Another fantastic example I quote is the mastermind that is Michael Dell. Realizing very early that the competition in the commodity PC business will be won based on quality customer service, Dell invested $$MMs in a state-of-the-art Customer Contact Center, E-Commerce website, and a “futuristic” (for its time) Just-in-time supply chain management system spread out across the globe.

The result (simply put) was that up through 3 years ago Dell raced so far ahead in the PC business it caused some of the bigger names like Compaq and Gateway to be eaten alive.

These are two simple examples of people who were able to see far enough ahead that they were able to become market leaders.

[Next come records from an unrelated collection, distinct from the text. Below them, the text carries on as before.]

(* Let $m\in\mathbb{N}$, $m\geq2$, and $T:[0,1)\to[0,1)$, $T(x)=mx\bmod1$. Let $A\subset[0,1)$ be a nowhere dense set with $T(A)\subset A$. Then for every $t\in(0,1)$ that is normal in base $m$ and every integer $i\neq0$, $$A+it\subset\mathbb{Q}^c\quad\text{and}\quad \frac{A}{it}\subset\mathbb{Q}^c.$$
   Context: An $m$-adic expansion of $t\in(0,1)$ is a sequence $(t_k)\in\{0,\dots,m-1\}^{\mathbb{N}}$ with $t=\sum_{k\ge1}t_km^{-k}$. It is normal if for every finite nonempty word $\mathbf a$ over $\{0,\dots,m-1\}$, the limiting frequency of occurrences of $\mathbf a$ as a subword of $(t_k)$ equals $m^{-|\mathbf a|}$, where $|\mathbf a|$ is the length of $\mathbf a$; $t$ is normal (in base $m$) if it has a normal $m$-adic expansion. Notation: $A+it=\{x+it:x\in A\}$, $\frac{A}{it}=\{x/(it):x\in A\setminus\{0\}\}$. $\mathbb{Q}^c$ denotes the set of irrational real numbers. *)

From Stdlib Require Import Reals Lra Lia ZArith Arith List.
From Stdlib Require Export Rtopology.
Open Scope R_scope.

Definition Tmap (m : nat) (x : R) : R := frac_part (INR m * x).

Definition nowhere_dense (A : R -> Prop) : Prop :=
  forall x : R, ~ interior (adherence A) x.

Definition irrational (r : R) : Prop :=
  ~ exists p q : Z, q <> 0%Z /\ r = IZR p / IZR q.

(* d k is the digit t_{k+1}; the expansion is t = sum_{k>=0} d k / m^(k+1). *)
Definition is_madic_expansion (m : nat) (d : nat -> nat) (t : R) : Prop :=
  (forall k, (d k < m)%nat) /\
  Un_cv (fun N => sum_f_R0 (fun k => INR (d k) / INR m ^ (S k)) N) t.

Definition occurs_at (d : nat -> nat) (a : list nat) (i : nat) : bool :=
  forallb (fun j => Nat.eqb (d (i + j)%nat) (nth j a 0%nat)) (seq 0 (length a)).

Definition occ_count (d : nat -> nat) (a : list nat) (N : nat) : nat :=
  length (filter (occurs_at d a) (seq 0 N)).

Definition normal_seq (m : nat) (d : nat -> nat) : Prop :=
  forall a : list nat, a <> nil -> Forall (fun x => (x < m)%nat) a ->
    Un_cv (fun N => INR (occ_count d a N) / INR N) (/ INR m ^ length a).

Definition normal_in_base (m : nat) (t : R) : Prop :=
  exists d, is_madic_expansion m d t /\ normal_seq m d.

From Stdlib Require Import Reals ZArith Lra Lia List.
Open Scope R_scope.

(* Suppose [x] in [A] and [x + i t] or [x / (i t)] is rational.
   Either way, clearing denominators gives integers [u, v <> 0] and [s] with
   [v x = u t + s].  Multiplying by [m^n] and reducing mod 1 shows that, up to
   an integer, [m^(n+j) x] equals [m^j (u y + e) / v] with
   [y = frac_part (m^n t)] and a residue [0 <= e < v].  For any target interval
   [(al, be)] we find a small window [W] such that for every residue [e] and
   every [y] in [W] some [j] puts [frac_part (m^j (u y + e) / v)] into
   [(al, be)] (an affine map of large slope covers a whole unit interval).
   Since [t] is normal, every finite digit word occurs in its expansion, so
   the orbit [frac_part (m^n t)] enters [W].  By [T]-invariance the point
   [frac_part (m^(n+j) x)] lies in [A], so [A] meets every subinterval of
   [[0,1]], contradicting nowhere density. *)

Lemma frac_part_int_add (k : Z) (f : R) : 0 <= f < 1 -> frac_part (IZR k + f) = f.
Proof.
  intros Hf. symmetry.
  exact (proj2 (Int_part_frac_part_spec (IZR k + f) k f Hf eq_refl)).
Qed.

Lemma frac_part_add_int (r : R) (k : Z) : frac_part (r + IZR k) = frac_part r.
Proof.
  replace (r + IZR k) with (IZR (Int_part r + k) + frac_part r).
  - apply frac_part_int_add. pose proof (base_fp r). lra.
  - rewrite plus_IZR. pose proof (Rplus_Int_part_frac_part r). lra.
Qed.

(* The [n]-th iterate of [Tmap m] is [x |-> frac_part (m^n x)], so an invariant
   set in [0,1) contains all the points [frac_part (m^n x)] for [x] in it. *)
Lemma invariant_set_orbit (m : nat) (A : R -> Prop)
  (HA01 : forall x, A x -> 0 <= x < 1)
  (HAinv : forall x, A x -> A (Tmap m x)) (x : R) :
  A x -> forall n, A (frac_part (INR m ^ n * x)).
Proof.
  intros Ax n. induction n as [|n IH].
  - replace (INR m ^ 0 * x) with (IZR 0 + x) by (simpl; ring).
    rewrite frac_part_int_add; auto.
  - apply HAinv in IH. unfold Tmap, frac_part at 2 in IH.
    replace (INR m * (INR m ^ n * x - IZR (Int_part (INR m ^ n * x))))
      with (INR m ^ S n * x + IZR (- (Z.of_nat m * Int_part (INR m ^ n * x))))
      in IH by (rewrite opp_IZR, mult_IZR, <- INR_IZR_INZ; simpl; ring).
    rewrite frac_part_add_int in IH. exact IH.
Qed.

Lemma cv_const (c : R) : Un_cv (fun _ => c) c.
Proof.
  intros eps Heps. exists O. intros n _. unfold Rdist.
  rewrite Rminus_diag, Rabs_R0. lra.
Qed.

(** Base-[m] digits *)

Section Radix.
Variable m : nat.
Hypothesis Hm : (2 <= m)%nat.
(* Write ks = u + a and k(n-s) = (m-u) + b; the binomial term of u is at most 1
   and x^a (1-x)^b <= e^(-a(1-x) - bx), which is at most e^(-ks/2) because
   2s <= n and m <= ks. *)
Lemma bin_bernstein_le_expR (n m k s u : nat) :
  (m < s * k)%N -> (s.*2 <= n)%N -> (0 < m)%N -> (u <= m)%N ->
  'C(m, u)%:R *
    ((u%:R / m%:R) ^+ (k * s) * (1 - u%:R / m%:R) ^+ (k * (n - s)))
  <= expR (- ((k * s)%:R / 2)) :> R.
Proof.
move=> msk sn m0 um.
have mR : 0 < m%:R :> R by rewrite ltr0n.
set x : R := u%:R / m%:R.
have x0 : 0 <= x by rewrite divr_ge0 ?ler0n.
have x1 : x <= 1 by rewrite ler_pdivrMr // mul1r ler_nat.
have ux : u%:R = x * m%:R :> R by rewrite divfK // gt_eqF.
set a := (k * s - u)%N; set b := (k * (n - s) - (m - u))%N.
have -> : (k * s = u + a)%N by rewrite /a; lia.
have -> : (k * (n - s) = (m - u) + b)%N by rewrite /b; nia.
rewrite !exprD.
have -> : 'C(m, u)%:R * (x ^+ u * x ^+ a * ((1 - x) ^+ (m - u) * (1 - x) ^+ b)) =
    ('C(m, u)%:R * x ^+ u * (1 - x) ^+ (m - u)) * (x ^+ a * (1 - x) ^+ b) by ring.
apply: (le_trans (ler_wpM2r _ (bernstein_term_le1 um _)));
  rewrite ?mulr_ge0 ?exprn_ge0 ?subr_ge0 ?x0 ?x1 // mul1r.
apply: (le_trans (ler_pM _ _ (exprn_le_expR a x0) (exprn_le_expR b (x := 1 - x) _)));
  rewrite ?exprn_ge0 ?subr_ge0 // -expRD ler_expR.
have ha : a%:R = (k * s)%:R - u%:R :> R by rewrite natrB //; lia.
have hb : b%:R = (k * (n - s))%:R - m%:R + u%:R :> R.
  by rewrite /b natrB ?natrB //; try (lra || nia).
rewrite ha hb ux !natrM natrB; last lia.
have hs : s%:R * 2 <= n%:R :> R by rewrite -natrM ler_nat muln2.
have hm : m%:R <= k%:R * s%:R :> R by rewrite -natrM ler_nat mulnC ltnW.
have h1 : 0 <= k%:R * x * (n%:R - s%:R * 2) :> R.
  by rewrite mulr_ge0 ?mulr_ge0 ?ler0n ?subr_ge0.
have h2 : 0 <= m%:R * ((2 * x - 1) * (2 * x - 1)) :> R.
  by rewrite mulr_ge0 ?ler0n // -expr2 sqr_ge0.
nra.
Qed.

Lemma mid_term_le (n m k s u : nat) :
  (100 <= k)%N -> (n <= m)%N -> (m < s * k)%N -> (s.*2 <= n)%N -> (u <= m)%N ->
  ('C(n, s) * ('C(m, u) * ('C(u, k) ^ s * 'C(m - u, k) ^ (n - s))))%:R
    <= expR (- (m%:R / 4)) * ('C(m, k) ^ n)%:R :> R.
Proof.
move=> k100 nm msk sn um.
have m0 : (0 < m)%N.
  by case: s msk sn nm => [|s]; [rewrite mul0n | rewrite -addnn addSn; lia].
set P : R := (u%:R / m%:R) ^+ (k * s) * (1 - u%:R / m%:R) ^+ (k * (n - s)).
apply: (@le_trans _ _ ('C(n, s)%:R * ('C(m, u)%:R * ('C(m, k)%:R ^+ n * P)))).
  rewrite 2!natrM ler_wpM2l ?ler0n // ler_wpM2l ?ler0n //.
  by apply: bin_pow_ler => //; apply: leq_trans sn; rewrite -addnn leq_addr.
have -> : 'C(n, s)%:R * ('C(m, u)%:R * ('C(m, k)%:R ^+ n * P)) =
    'C(m, k)%:R ^+ n * ('C(n, s)%:R * ('C(m, u)%:R * P)) :> R by ring.
rewrite [X in _ <= X]mulrC natrX ler_wpM2l ?exprn_ge0 ?ler0n //.
apply: le_trans (bin_mul_expR_le k100 nm msk).
by rewrite ler_wpM2l ?ler0n //; exact: bin_bernstein_le_expR.
Qed.
Lemma isolate_weight h b (s : seq Dstar) : W h -> h b != 0 -> b != - nu ->
  (forall g, g != - nu -> g != b -> h g != 0 -> g \in s) -> exists2 h', W h' & peaked b h'.
Proof.
elim: s h => [|x s IHs] h Wh hb b_nu h_s.
  by exists h => //; split=> // g g_nu gb; apply: NNPP => /eqP/(h_s g g_nu gb).
have [x_skip|] := boolP ((x == - nu) || (x == b)).
  apply: IHs Wh hb b_nu _ => g g_nu gb /(h_s g g_nu gb); rewrite inE => /orP[/eqP gx|//].
  by move: x_skip; rewrite -gx (negbTE g_nu) (negbTE gb).
rewrite negb_or => /andP[x_nu xb].
have [h' Wh' [h'b h'x h'_supp]] := kill_weight Wh hb b_nu x_nu xb.
apply: IHs Wh' h'b b_nu _ => g g_nu gb h'g.
have /(h_s g g_nu gb) : h g != 0 by apply: contraNneq h'g => /(h'_supp g g_nu)/eqP.
by rewrite inE => /orP[/eqP gx|//]; move: h'g; rewrite gx h'x eqxx.
Qed.

Lemma shift_peak h b a d : W h -> peaked b h -> spanning a d -> (b + nu) d != 0 ->
  peaked (b + a) (act c a d h).
Proof.
move=> Wh [hb h_supp] ad bd; have [_ _ a_d] := ad.
have ba_nu : b + a != - nu by apply: contraNneq bd => ba; rewrite (pole_weight ba a_d).
split=> [|g g_nu gba]; first by rewrite act_off_pole // addrK mulf_neq0 ?weight_shift.
rewrite act_off_pole //; have [ga|ga] := eqVneq (g - a) (- nu).
  by rewrite (pole_weight ga) ?mul0r // opp_lfunE a_d oppr0.
by rewrite h_supp ?mulr0 //; apply: contraNneq gba => <-; rewrite subrK.
Qed.
Lemma xpow_section w x y z : inH d w -> x ^+ r * z + F x y = 1 -> x != 0 ->
  chart_y w x ((y - (p w).[x]) / x ^+ r) = y /\ chart_z w x ((y - (p w).[x]) / x ^+ r) = z.
Proof.
move=> Hw surf x0.
have yc : chart_y w x ((y - (p w).[x]) / x ^+ r) = y.
  by rewrite /chart_y mulrC divfK ?expf_neq0 // addrC subrK.
by split=> //; apply: chart_z_of_y surf yc.
Qed.

Definition sel w x y := dquot w x y / (d%:R * w ^+ d.-1).
Definition sel_s w x y := (1 - (1 - sel w x y) ^+ s) ^+ s.
Definition interp x y := \sum_(mu <- L) (p' mu).[x] * sel_s mu x y.

Definition pullback w (f : K -> K -> K) (v : 'I_2 -> K) :=
  f (v ord0) (chart_y w (v ord0) (v ord_max)).

Lemma bipolyfun_dquot w : bipolyfun (dquot w).
Proof.
have px : polyfun (fun v : 'I_2 -> K => v ord0) := polyfun_coord _.
have py : polyfun (fun v : 'I_2 -> K => v ord_max) := polyfun_coord _.
have pu := polyfun_horner (p w) px.
apply: polyfunD; apply: polyfun_sum => i.
  exact: polyfunM (polyfunX _ py) (polyfunX _ pu).
apply: polyfunM; first exact: polyfunM (polyfun_cst _) (polyfunX _ px).
by apply: polyfun_sum => j; apply: polyfunM (polyfunX _ py) (polyfunX _ pu).
Qed.

Lemma bipolyfun_sel w : bipolyfun (sel w).
Proof. exact: polyfunM (bipolyfun_dquot w) (polyfun_cst _). Qed.

Lemma polyfun_pullback w f : bipolyfun f -> polyfun (pullback w f).
Proof.
have px : polyfun (fun v : 'I_2 -> K => v ord0) := polyfun_coord _.
have pc : polyfun (fun v : 'I_2 -> K => v ord_max) := polyfun_coord _.
move=> pf; apply: (bipolyfun_comp pf px).
exact: polyfunD (polyfun_horner _ px) (polyfunM (polyfunX _ px) pc).
Qed.

Lemma polyfun_chart_z w : polyfun (fun v : 'I_2 -> K => chart_z w (v ord0) (v ord_max)).
Proof.
apply: polyfunB; first exact: polyfun_horner _ (polyfun_coord _).
exact: polyfunM (polyfun_coord _) (polyfun_pullback w (bipolyfun_dquot w)).
Qed.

How do we learn this art? What can we see sitting today that can help us shape our future business decisions? What are we missing out on sitting in Pakistan?

The big understatement, I’m afraid, is: A LOT.

The world today is undergoing such a dramatic and impressive shift that it can cause giddy euphoric moments of pure joy to the people analyzing it (ok, just me then). In a move that empowers consumers unlike any time before it, everything is going back to the basics — back to what should have defined capitalism to begin with.

All of the old-school marketing, economic theory, intellectual property and copyright law, digital rights management etc. are gone. Everything is starting from scratch again. Everything is open to debate, and everything is being debated as you read this in blogs, podcasts and wikis all over the world.

Except…. none of us are getting involved! Now! When — more than ever — we have platforms available for Pakistanis to be recognized in the global stage of intellectual debate, we still live with pre-determined perceptions of our future.

Our MBA grads are still coming out of schools trained in 15 year old theories of push-based marketing, and are expecting the world to recognize and reward that.

Our intellectuals are still only listening to people that speak synonymously to themselves.

Our business managers are still only looking around themselves in the local country to make decisions on how to compete with each other on basic business tactics such as limiting supply to inflate prices on shipments.

This follows the economics of Scarcity, and we live in a New World which follows the Economics of Abundance / Long-tail economics, economics of micro-packaging, etc.

What about the rest of the world. So who is “getting it” — who are the leading business innovators today?

Interestingly enough, its the same people.

Dell recognizes that consumers are the biggest influencers of business success today in the world of Prosumerism and community-driven products. As a result, the company has started a blog to share ideas directly with customers in Direct2Dell, and even allows its customers to give products ideas to them with Dell IdeaStorm

Does this work? Go to Idea Storm and look for yourself. In short, now the customers of Dell are telling them what products to make, what features to add, how to package them. Dell gets immediate forecasted demand and reduced risk on planning new product features, and all they have to do is make the products their customers want.

Brilliant! Surely these people have a lot to teach about the black art of innovation.

And oh yea, Walmart is at it too.

Walmart recognizes that the new-age distribution economies depend on micro-packaging of media as opposed to bulk pushing. With more and more consumers looking for the media they want, when they want it, and how they want it, and at the exact moment they think of it, Walmart has started a completely online movie purchase store.

There are a whole lot more people getting on the bandwagon this time, including the Wall Street Journal, TV gurus such as Michael Eisner, NBC and many others.

Even though some or a lot of these decisions look dumb at the moment, they could very well lead the pack with the calculated risks taken.

The interesting thing is, these innovative changes do not require $$MMs of investment in time or money — they are even less costly than the shady games of limiting supply and pushing political pressure on each other.

So instead of doing those, why dont we all just get together, integrate horizontally and push our business onto the world together?